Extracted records
========

Lemma weight_bits_abs_le (tau : R) (w : nat -> R) (x : list bool) :
  (forall i, (i < length x)%nat -> Rabs (w i) <= tau) ->
  Forall (fun p => Rabs (fst p) <= tau) (weight_bits w x).
Proof.
  revert w; induction x as [|c x IH]; intros w H; simpl; constructor.
  - apply H; simpl; lia.
  - apply IH; intros i Hi; apply H; simpl; lia.
Qed.

Lemma noise_kernel_cons (g : R) (c : bool) (x : list bool) (c' : bool) (y : list bool) :
  noise_kernel g (c :: x) (c' :: y)
  = (if Bool.eqb c c' then (1 - g) + g / 2 else g / 2) * noise_kernel g x y.
Proof. reflexivity. Qed.

(* Resampling a coordinate of weight [w0] contributes [w0 / 2 +- w0 / 2], that
   is [w0 * b] for a uniform bit [b]. *)
Lemma Eres_cons_weight_bit (g w0 : R) (c : bool) (ws : list (R * R)) (G : R -> R) :
  let H b := Eres g ws (fun c0 u => Erad u (fun t => G (w0 * b2R b + (c0 + t)))) in
  Eres g ((w0, b2R c) :: ws) (fun c0 u => Erad u (fun t => G (c0 + t)))
  = (1 - g) * H c + g / 2 * H true + g / 2 * H false.
Proof.
  intros H; cbn [Eres fst snd].
  rewrite (Eres_ext g ws (fun c0 u => Erad u (fun t => G (c0 + w0 * b2R c + t)))
             (fun c0 u => Erad u (fun t => G (w0 * b2R c + (c0 + t)))))
    by (intros; apply Erad_ext; intros; f_equal; ring).
  rewrite (Eres_ext g ws (fun c0 u => Erad (w0 :: u) (fun t => G (c0 + w0 / 2 + t)))
             (fun c0 u => / 2 * Erad u (fun t => G (w0 * b2R true + (c0 + t)))
                          + / 2 * Erad u (fun t => G (w0 * b2R false + (c0 + t))))).
  - rewrite Eres_lin; unfold H; field.
  - intros c0 u; cbn [b2R Erad].
    rewrite (Erad_ext u (fun t => G (c0 + w0 / 2 + (t + w0 / 2))) (fun t => G (w0 * 1 + (c0 + t))))
      by (intros; f_equal; field).
    rewrite (Erad_ext u (fun t => G (c0 + w0 / 2 + (t - w0 / 2))) (fun t => G (w0 * 0 + (c0 + t))))
      by (intros; f_equal; field).
    field.
Qed.

Lemma noise_kernel_Eres (g : R) (x : list bool) (w : nat -> R) (G : R -> R) :
  sumR (map (fun y => G (dot w y) * noise_kernel g x y) (bitvecs (length x)))
  = Eres g (weight_bits w x) (fun c u => Erad u (fun t => G (c + t))).
Proof.
  revert w G; induction x as [|c x IH]; intros w G.
  - simpl; unfold dot, noise_kernel; simpl; rewrite Rmult_1_r, !Rplus_0_r; reflexivity.
  - simpl length; rewrite sumR_bitvecs_S; cbn [weight_bits].
    rewrite Eres_cons_weight_bit; cbv zeta.
    rewrite <- (IH _ (fun z => G (w 0%nat * b2R c + z))),
            <- (IH _ (fun z => G (w 0%nat * b2R true + z))),
            <- (IH _ (fun z => G (w 0%nat * b2R false + z))).
    rewrite (sumR_ext_in _
      (fun y => (if Bool.eqb c false then (1 - g) + g / 2 else g / 2)
                * (G (w 0%nat * b2R false + dot (fun i => w (S i)) y) * noise_kernel g x y)
              + (if Bool.eqb c true then (1 - g) + g / 2 else g / 2)
                * (G (w 0%nat * b2R true + dot (fun i => w (S i)) y) * noise_kernel g x y)))
      by (intros; rewrite !dot_cons, !noise_kernel_cons; ring).
    rewrite sumR_add, !sumR_scal.
    destruct c; cbn [Bool.eqb]; ring.
Qed.

Lemma prob_in_interval_noise_kernel (n : nat) (g : R) (x : list bool) (w : nat -> R) (a b : R) :
  length x = n ->
  prob_in_interval n (noise_kernel g x) w a b
  = Eres g (weight_bits w x) (fun c u => Erad u (fun t => in_itv a b (c + t))).
Proof.
  intros <-; rewrite <- noise_kernel_Eres; unfold prob_in_interval.
  apply sumR_ext_in; intros; apply in_itv_mul.
Qed.

Lemma prob_in_interval_mixture (n : nat) (D : list bool -> R) (K : list bool -> list bool -> R)
    (w : nat -> R) (a b : R) :
  prob_in_interval n (fun y => sumR (map (fun x => D x * K x y) (bitvecs n))) w a b
  = sumR (map (fun x => D x * prob_in_interval n (K x) w a b) (bitvecs n)).
Proof.
  unfold prob_in_interval.
  rewrite (sumR_ext_in _ (fun y => sumR (map (fun x => D x * (in_itv a b (dot w y) * K x y))
                                              (bitvecs n))))
    by (intros; rewrite in_itv_mul, <- sumR_scal; apply sumR_ext_in; intros; ring).
  rewrite sumR_exchange; apply sumR_ext_in; intros.
  rewrite <- sumR_scal; apply sumR_ext_in; intros; rewrite in_itv_mul; reflexivity.
Qed.

(* If [tau >= sqrt g / 4] the right-hand side exceeds 1, otherwise
   [4 tau^2 / g <= tau / sqrt g]. *)
Lemma noise_bound_of_chebyshev (P X tau g e : R) :
  0 < g -> 0 <= X -> 0 <= tau -> 0 < e -> P <= 1 ->
  P <= 3 * (X / 2 + tau) / sqrt g + 4 * tau ^ 2 / g ->
  P <= 4 * X / sqrt g + 4 * tau / sqrt g + 2 * e.
Proof.
  intros Hg HX Ht He H1 H2.
  set (r := sqrt g) in *.
  assert (Hr : 0 < r) by (apply sqrt_lt_R0; lra).
  assert (Hrr : r * r = g) by (apply sqrt_sqrt; lra).
  set (q := tau / r); set (Y := X / r).
  assert (0 <= q) by (apply Rle_mult_inv_pos; lra).
  assert (0 <= Y) by (apply Rle_mult_inv_pos; lra).
  replace (3 * (X / 2 + tau) / r + 4 * tau ^ 2 / g) with (3 / 2 * Y + 3 * q + 4 * q ^ 2) in H2
    by (unfold q, Y; rewrite <- Hrr; field; lra).
  replace (4 * X / r + 4 * tau / r + 2 * e) with (4 * Y + 4 * q + 2 * e)
    by (unfold q, Y; field; lra).
  destruct (Rle_dec (1 / 4) q); nra.
Qed.

Lemma prob_in_interval_noise_kernel_le (n : nat) (tau : R) (w : nat -> R) (g a b : R)
    (x : list bool) :
  0 <= tau -> 0 < g <= 1 -> (forall i, (i < n)%nat -> Rabs (w i) <= tau) ->
  sqnorm n w = 1 -> length x = n ->
  prob_in_interval n (noise_kernel g x) w a b
    <= 4 * Rabs (b - a) / sqrt g + 4 * tau / sqrt g + 2 * exp (- (g ^ 2) / (2 * tau ^ 2)).
Proof.
  intros Ht Hg Hw Hn Hx.
  rewrite prob_in_interval_noise_kernel by exact Hx.
  set (ws := weight_bits w x).
  assert (Hws : Forall (fun p => Rabs (fst p) <= tau) ws)
    by (apply weight_bits_abs_le; rewrite Hx; exact Hw).
  assert (H2 : sum2 ws = 1) by (unfold ws; rewrite sum2_weight_bits, Hx; exact Hn).
  assert (Hg' : 0 <= g <= 1) by lra.
  apply noise_bound_of_chebyshev with (g := g);
    [lra | apply Rabs_pos | lra | apply exp_pos | |].
  - rewrite <- (Eres_const g ws 1).
    apply (Eres_le g ws (fun y => Rabs y <= tau) _ _ Hg' Hws); intros c u _; exact (proj2 (Erad_in_itv_bounds a b u c)).
  - apply Rle_trans with
      (Eres g ws (fun _ u => 3 * radius a b tau / sqrt g * 1 + 4 / g ^ 2 * (sumsq u - g) ^ 2)).
    + apply (Eres_le g ws (fun y => Rabs y <= tau) _ _ Hg' Hws); intros c u Hu.
      rewrite Rmult_1_r; apply Erad_in_itv_le; [exact Ht | exact Hu | lra].
    + rewrite Eres_lin, Eres_const.
      pose proof (Eres_sumsq_dev_le g tau ws Hg' Hws H2).
      assert (4 / g ^ 2 * Eres g ws (fun _ u => (sumsq u - g) ^ 2) <= 4 * tau ^ 2 / g).
      { apply Rle_trans with (4 / g ^ 2 * (g * tau ^ 2)).
        - apply Rmult_le_compat_l; [apply Rle_mult_inv_pos; [lra | apply pow_lt; lra] | lra].
        - right; field; lra. }
      unfold radius; lra.
Qed.

Theorem lemma2p3 (n : nat) (tau : R) (w : nat -> R) (gamma : R)
  (D : list bool -> R) (a b : R) :
  regular n tau w ->
  sqnorm n w = 1 ->
  0 < gamma <= 1 ->
  is_distr n D ->
  prob_in_interval n (noisy n gamma D) w a b
    <= 4 * Rabs (b - a) / sqrt gamma + 4 * tau / sqrt gamma
       + 2 * exp (- (gamma ^ 2) / (2 * tau ^ 2)).
Proof.
  intros Hreg Hn Hg [HD0 HD1].
  assert (Hw : forall i, (i < n)%nat -> Rabs (w i) <= tau).
  { intros i Hi; pose proof (Hreg i Hi) as H; rewrite Hn, sqrt_1, Rmult_1_r in H; exact H. }
  assert (Ht : 0 <= tau).
  { destruct n as [|n]; [unfold sqnorm in Hn; simpl in Hn; lra|].
    pose proof (Hw 0%nat ltac:(lia)); pose proof (Rabs_pos (w 0%nat)); lra. }
  unfold noisy; rewrite prob_in_interval_mixture.
  apply sumR_convex; [exact HD0 | exact HD1 |].
  intros x Hx; apply prob_in_interval_noise_kernel_le; auto.
  exact (bitvecs_length n x Hx).
Qed.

========

# Problem statement:
In the entries above, find each line that has the word "field". Copy it.

# Response:
  - rewrite Eres_lin; unfold H; field.
      by (intros; f_equal; field).
      by (intros; f_equal; field).
    field.
    by (unfold q, Y; rewrite <- Hrr; field; lra).
    by (unfold q, Y; field; lra).
        - right; field; lra. }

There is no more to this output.